* **Problem**: Starting with the line that contains "Variables (x0 : X)." and stopping after the line that contains "elim=> [|n [c", return each line below exactly as written, with no others.

* **Data to use**:
(* Let $(X,\|\cdot,\cdot\|)$ be a linear 2-normed space and let $E$ be a nonempty (sequentially) closed and bounded subset of $X$. Let $T:E\to E$ be a contraction. Then $T$ has a unique fixed point in $E$.
   Context: A linear 2-normed space is a real linear space $X$ of dimension greater than 1 with a function $\|\cdot,\cdot\|:X\times X\to\mathbb{R}$ such that: $\|x,y\|=0$ iff $x,y$ are linearly dependent; $\|x,y\|=\|y,x\|$; $\|\alpha x,y\|=|\alpha|\,\|x,y\|$; $\|x+y,z\|\le\|x,z\|+\|y,z\|$. A sequence $x_n\to x$ means $\|x_n-x,z\|\to0$ for every $z\in X$. $\overline{E}=\{x\in X:$ some sequence in $E$ converges to $x\}$, and $E$ is (sequentially) closed if $E=\overline{E}$. For $e\in E$, $E$ is $e$-bounded if there is $M>0$ with $\|x,e\|\le M$ for all $x\in E$; $E$ is bounded if it is $e$-bounded for every $e\in E$. $T:E\to E$ is a contraction if there exists $k\in(0,1)$ with $\|Tx-Ty,z\|\le k\|x-y,z\|$ for all $x,y\in E$ and all $z\in X$. *)

From HB Require Import structures.
From mathcomp Require Import all_boot all_order all_algebra.
From mathcomp Require Import all_classical all_reals all_analysis.
Set Implicit Arguments. Unset Strict Implicit. Unset Printing Implicit Defensive.
Import Order.TTheory GRing.Theory Num.Theory.
Import numFieldNormedType.Exports.
Local Open Scope ring_scope.
Local Open Scope classical_set_scope.

Definition lin_dep (R : realType) (X : lmodType R) (x y : X) : Prop :=
  exists a b : R, (a != 0 \/ b != 0) /\ a *: x + b *: y = 0.

Definition is_2normed_space (R : realType) (X : lmodType R)
    (N : X -> X -> R) : Prop :=
  (exists x y : X, ~ lin_dep x y) /\
  (forall x y, N x y = 0 <-> lin_dep x y) /\
  (forall x y, N x y = N y x) /\
  (forall (a : R) x y, N (a *: x) y = `|a| * N x y) /\
  (forall x y z, N (x + y) z <= N x z + N y z).

Definition conv2 (R : realType) (X : lmodType R) (N : X -> X -> R)
    (u : nat -> X) (x : X) : Prop :=
  forall z : X, (fun n => N (u n - x) z) @ \oo --> (0 : R).

Definition seq_closure (R : realType) (X : lmodType R) (N : X -> X -> R)
    (E : set X) : set X :=
  [set x | exists u : nat -> X, (forall n, E (u n)) /\ conv2 N u x].

Definition seq_closed (R : realType) (X : lmodType R) (N : X -> X -> R)
    (E : set X) : Prop := E = seq_closure N E.

Definition e_bounded (R : realType) (X : lmodType R) (N : X -> X -> R)
    (E : set X) (e : X) : Prop :=
  exists M : R, 0 < M /\ forall x, E x -> N x e <= M.

Definition bounded2 (R : realType) (X : lmodType R) (N : X -> X -> R)
    (E : set X) : Prop := forall e, E e -> e_bounded N E e.

Definition contraction2 (R : realType) (X : lmodType R) (N : X -> X -> R)
    (E : set X) (T : X -> X) : Prop :=
  exists k : R, 0 < k /\ k < 1 /\
    forall x y, E x -> E y -> forall z, N (T x - T y) z <= k * N (x - y) z.

(* The differences d_n = T^(n+1) x0 - T^n x0 of a Picard orbit all lie on the
   line through d_0: contraction gives ||d_(n+1), d_0|| <= k ||d_n, d_0|| and
   ||d_0, d_0|| = 0.  Writing d_n = c_n d_0, testing the contraction against a
   z with ||d_0, z|| > 0 gives |c_n| <= k^n, so the orbit is x0 + t_n d_0 for a
   convergent real sequence t_n and converges in the 2-norm.  Its limit lies in
   the closed set E and is fixed by T, because limits are unique once X has two
   independent vectors. *)
From HB Require Import structures.
From mathcomp Require Import all_boot all_order all_algebra.
From mathcomp Require Import all_classical all_reals all_analysis.
From mathcomp Require Import lra.
Import Order.TTheory GRing.Theory Num.Theory.
Import numFieldNormedType.Exports.
Set Implicit Arguments. Unset Strict Implicit. Unset Printing Implicit Defensive.
Local Open Scope ring_scope.
Local Open Scope classical_set_scope.

Section LinearDependence.
Variables (R : realType) (X : lmodType R).

Lemma lin_dep_line (d u : X) : u != 0 -> lin_dep d u -> exists c, d = c *: u.
Proof.
move=> u_neq0 [a [b [ab_neq0 abE]]].
have a_neq0 : a != 0.
  apply/negP => /eqP a0; move: abE; rewrite a0 scale0r add0r => /eqP.
  rewrite scaler_eq0 (negbTE u_neq0) orbF.
  by case: ab_neq0 => [|/negbTE->]; rewrite ?a0 ?eqxx.
exists (- (b / a)); apply: (scalerI a_neq0).
rewrite scalerA mulrN mulrCA divff // mulr1 scaleNr.
by apply/eqP; rewrite -subr_eq0 opprK abE.
Qed.

Lemma lin_dep_scale (u : X) (a b : R) : lin_dep (a *: u) (b *: u).
Proof.
have [->|a_neq0] := eqVneq a 0.
  by exists 1, 0; split; [left; exact: oner_neq0 | rewrite !scale0r scaler0 addr0].
exists b, (- a); split; first by right; rewrite oppr_eq0.
by rewrite !scalerA mulrC mulNr scaleNr subrr.
Qed.

End LinearDependence.

Section TwoNorm.
Variables (R : realType) (X : lmodType R) (N : X -> X -> R).
Hypothesis hN : is_2normed_space N.

Lemma twonorm_eq0 x y : N x y = 0 <-> lin_dep x y.
Proof. by case: hN => _ []. Qed.

Lemma twonormC x y : N x y = N y x.
Proof. by case: hN => _ [_ []]. Qed.

Lemma twonormZ a x y : N (a *: x) y = `|a| * N x y.
Proof. by case: hN => _ [_ [_ []]]. Qed.

Lemma twonorm_triangle x y z : N (x + y) z <= N x z + N y z.
Proof. by case: hN => _ [_ [_ [_]]]. Qed.

Lemma twonorm0l z : N 0 z = 0.
Proof. by rewrite -(scale0r z) twonormZ normr0 mul0r. Qed.

Lemma twonormNl x z : N (- x) z = N x z.
Proof. by rewrite -scaleN1r twonormZ normrN normr1 mul1r. Qed.

Lemma twonorm_ge0 x z : 0 <= N x z.
Proof.
have := twonorm_triangle x (- x) z.
rewrite twonormNl subrr twonorm0l; lra.
Qed.

Lemma twonorm_le0 x z : N x z <= 0 -> N x z = 0.
Proof. by move=> le0; apply/eqP; rewrite eq_le le0 twonorm_ge0. Qed.

Lemma twonorm_self x : N x x = 0.
Proof. by apply/twonorm_eq0; rewrite -[x]scale1r; exact: lin_dep_scale. Qed.

(* A vector with vanishing 2-norm against everything would be collinear with
   both members of an independent pair. *)
Lemma twonorm0_eq0 u : (forall z, N u z = 0) -> u = 0.
Proof.
case: hN => [[a [b ab_indep]] _] uz0; apply: contrapT => /eqP u_neq0.
have on_line v : exists c, v = c *: u.
  by apply: lin_dep_line => //; apply/twonorm_eq0; rewrite twonormC.
have [[ca caE] [cb cbE]] := (on_line a, on_line b).
by apply: ab_indep; rewrite caE cbE; exact: lin_dep_scale.
Qed.

Lemma twonorm_neq0 u : u != 0 -> exists z, 0 < N u z.
Proof.
move=> u_neq0; apply: contrapT => no_pos; move/eqP: u_neq0; apply.
apply: twonorm0_eq0 => z; apply: twonorm_le0.
by rewrite leNgt; apply/negP => pos; apply: no_pos; exists z.
Qed.

Lemma conv2_cst x : conv2 N (fun=> x) x.
Proof. by move=> z; rewrite subrr twonorm0l; exact: cvg_cst. Qed.

Lemma conv2_line x d (t : R ^nat) (l : R) :
  t @ \oo --> l -> conv2 N (fun n => x + t n *: d) (x + l *: d).
Proof.
move=> tl z; have -> : (fun n => N (x + t n *: d - (x + l *: d)) z) =
    (fun n => `|t n - l| * N d z).
  by apply: funext => n; rewrite opprD addrACA subrr add0r -scalerBl twonormZ.
rewrite -(mul0r (N d z)); apply: cvgMr_tmp.
by apply/norm_cvg0P; rewrite -(subrr l); apply: cvgB => //; exact: cvg_cst.
Qed.

Lemma conv2_unique u x y : conv2 N u x -> conv2 N u y -> x = y.
Proof.
move=> ux uy; apply: subr0_eq; apply: twonorm0_eq0 => z.
have sum0 : (fun n => N (u n - x) z + N (u n - y) z) @ \oo --> (0 : R).
  by rewrite -[0 : R]addr0; apply: cvgD; [exact: ux | exact: uy].
apply: twonorm_le0; rewrite -(cvg_lim _ sum0) //.
apply: limr_ge; first exact: cvgP sum0.
apply: nearW => n; rewrite [X in _ <= X]addrC.
have -> : x - y = (u n - y) + - (u n - x) by rewrite opprB [RHS]addrC addrA subrK.
by rewrite -(twonormNl (u n - x)); exact: twonorm_triangle.
Qed.

Section Contraction.
Variables (E : set X) (T : X -> X) (k : R).
Hypotheses (k_ge0 : 0 <= k) (k_lt1 : k < 1).
Hypothesis TE : forall x, E x -> E (T x).
Hypothesis T_contr : forall x y, E x -> E y -> forall z,
  N (T x - T y) z <= k * N (x - y) z.

Lemma contraction_fixed_unique p q : E p -> E q -> T p = p -> T q = q -> p = q.
Proof.
move=> Ep Eq Tp Tq; apply: subr0_eq; apply: twonorm0_eq0 => z; apply: twonorm_le0.
have := T_contr Ep Eq z; rewrite Tp Tq -subr_ge0 -[X in _ - X]mul1r -mulrBl.
by rewrite nmulr_rge0 // subr_lt0.
Qed.

Lemma conv2_contraction u x : (forall n, E (u n)) -> E x ->
  conv2 N u x -> conv2 N (T \o u) (T x).
Proof.
move=> Eu Ex ux z.
apply: (squeeze_cvgr (f := fun=> 0) (h := fun n => k * N (u n - x) z)).
- by apply: nearW => n; rewrite twonorm_ge0 /=; exact: T_contr.
- exact: cvg_cst.
- by rewrite -(mulr0 k); apply: cvgMl_tmp; exact: ux.
Qed.

Variables (x0 : X).
Hypothesis Ex0 : E x0.

Lemma orbit_in n : E (iter n T x0).
Proof. by elim: n => [|n IH] //=; exact: TE. Qed.

Lemma orbit_step_dep n :
  lin_dep (iter n.+1 T x0 - iter n T x0) (T x0 - x0).
Proof.
apply/twonorm_eq0; elim: n => [|n IH]; first exact: twonorm_self.
apply: twonorm_le0.
by have := T_contr (orbit_in n.+1) (orbit_in n) (T x0 - x0); rewrite IH mulr0.
Qed.

Lemma orbit_step_coef : T x0 != x0 -> exists c : R ^nat,
  (forall n, iter n.+1 T x0 - iter n T x0 = c n *: (T x0 - x0)) /\
  (forall n, `|c n| <= k ^+ n).
Proof.
rewrite -subr_eq0 => d0_neq0; set d0 := T x0 - x0 in d0_neq0 *.
have [z0 d0z0_gt0] := twonorm_neq0 d0_neq0.
suff /choice[c c_spec] : forall n, exists c : R,
    iter n.+1 T x0 - iter n T x0 = c *: d0 /\ `|c| <= k ^+ n.
  by exists c; split => n; case: (c_spec n).
elim=> [|n [c [cE c_le]]]; first by exists 1; rewrite scale1r expr0 normr1.
have [c' c'E] := lin_dep_line d0_neq0 (orbit_step_dep n.+1).
exists c'; split => //.
have le_c' : `|c'| * N d0 z0 <= k * (`|c| * N d0 z0).
  by have := T_contr (orbit_in n.+1) (orbit_in n) z0; rewrite /= c'E cE !twonormZ.
rewrite -(ler_pM2r d0z0_gt0) exprS -mulrA (le_trans le_c') //.
by rewrite ler_wpM2l // ler_wpM2r // ltW.
Qed.

Lemma orbit_conv2 : exists xs, conv2 N (fun n => iter n T x0) xs.
Proof.
have [Tx0|Tx0_neq] := eqVneq (T x0) x0.
  by exists x0; under eq_fun do rewrite iter_fix //; exact: conv2_cst.
have [c [cE c_le]] := orbit_step_coef Tx0_neq.
have orbitE n : iter n T x0 = x0 + series c n *: (T x0 - x0).
  elim: n => [|n IH]; first by rewrite /series /= big_geq // scale0r addr0.
  rewrite -(subrK (iter n T x0) (iter n.+1 T x0)) cE IH seriesSr scalerDl.
  by rewrite addrCA [c n *: _ + _]addrC.
have c_cvg : cvgn (series c).
  apply: normed_cvg; apply: (@series_le_cvg _ _ (geometric 1 k)).
  - by move=> n; exact: normr_ge0.
  - by move=> n; rewrite /geometric /= mul1r exprn_ge0.
  - by move=> n; rewrite /geometric /= mul1r.
  - by apply: is_cvg_geometric_series; rewrite ger0_norm.
exists (x0 + limn (series c) *: (T x0 - x0)).
under eq_fun do rewrite orbitE; exact: conv2_line.
Qed.

End Contraction.

Lemma contraction_fixed_point (E : set X) (T : X -> X) (k : R) :
  0 <= k -> k < 1 ->
  seq_closed N E -> E !=set0 -> (forall x, E x -> E (T x)) ->
  (forall x y, E x -> E y -> forall z, N (T x - T y) z <= k * N (x - y) z) ->
  exists x, E x /\ T x = x.
Proof.
move=> k_ge0 k_lt1 E_closed [x0 Ex0] TE T_contr.
have [xs orbit_xs] := orbit_conv2 k_ge0 k_lt1 TE T_contr Ex0.
have Exs : E xs.
  by rewrite E_closed; exists (fun n => iter n T x0); split => //; exact: orbit_in.
exists xs; split => //; apply: (conv2_unique (u := fun n => iter n.+1 T x0)).
- exact: (conv2_contraction T_contr (orbit_in TE Ex0)).
- by move=> z; rewrite (cvg_shiftS (fun n => N (iter n T x0 - xs) z)); exact: orbit_xs.
Qed.

End TwoNorm.

Theorem lemma3p10 (R : realType) (X : lmodType R) (N : X -> X -> R)
  (hN : is_2normed_space N) (E : set X) (hne : E !=set0)
  (hcl : seq_closed N E) (hbd : bounded2 N E)
  (T : X -> X) (hTE : forall x, E x -> E (T x))
  (hT : contraction2 N E T) :
  exists x, E x /\ T x = x /\ (forall y, E y -> T y = y -> y = x).
Proof.
have [k [k_gt0 [k_lt1 T_contr]]] := hT.
have [x [Ex Tx]] := contraction_fixed_point hN (ltW k_gt0) k_lt1 hcl hne hTE T_contr.
exists x; split=> //; split=> // y Ey Ty.
exact: (contraction_fixed_unique hN k_lt1 T_contr).
Qed.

* **Written answer**:
Variables (x0 : X).
Hypothesis Ex0 : E x0.

Lemma orbit_in n : E (iter n T x0).
Proof. by elim: n => [|n IH] //=; exact: TE. Qed.

Lemma orbit_step_dep n :
  lin_dep (iter n.+1 T x0 - iter n T x0) (T x0 - x0).
Proof.
apply/twonorm_eq0; elim: n => [|n IH]; first exact: twonorm_self.
apply: twonorm_le0.
by have := T_contr (orbit_in n.+1) (orbit_in n) (T x0 - x0); rewrite IH mulr0.
Qed.

Lemma orbit_step_coef : T x0 != x0 -> exists c : R ^nat,
  (forall n, iter n.+1 T x0 - iter n T x0 = c n *: (T x0 - x0)) /\
  (forall n, `|c n| <= k ^+ n).
Proof.
rewrite -subr_eq0 => d0_neq0; set d0 := T x0 - x0 in d0_neq0 *.
have [z0 d0z0_gt0] := twonorm_neq0 d0_neq0.
suff /choice[c c_spec] : forall n, exists c : R,
    iter n.+1 T x0 - iter n T x0 = c *: d0 /\ `|c| <= k ^+ n.
  by exists c; split => n; case: (c_spec n).
elim=> [|n [c [cE c_le]]]; first by exists 1; rewrite scale1r expr0 normr1.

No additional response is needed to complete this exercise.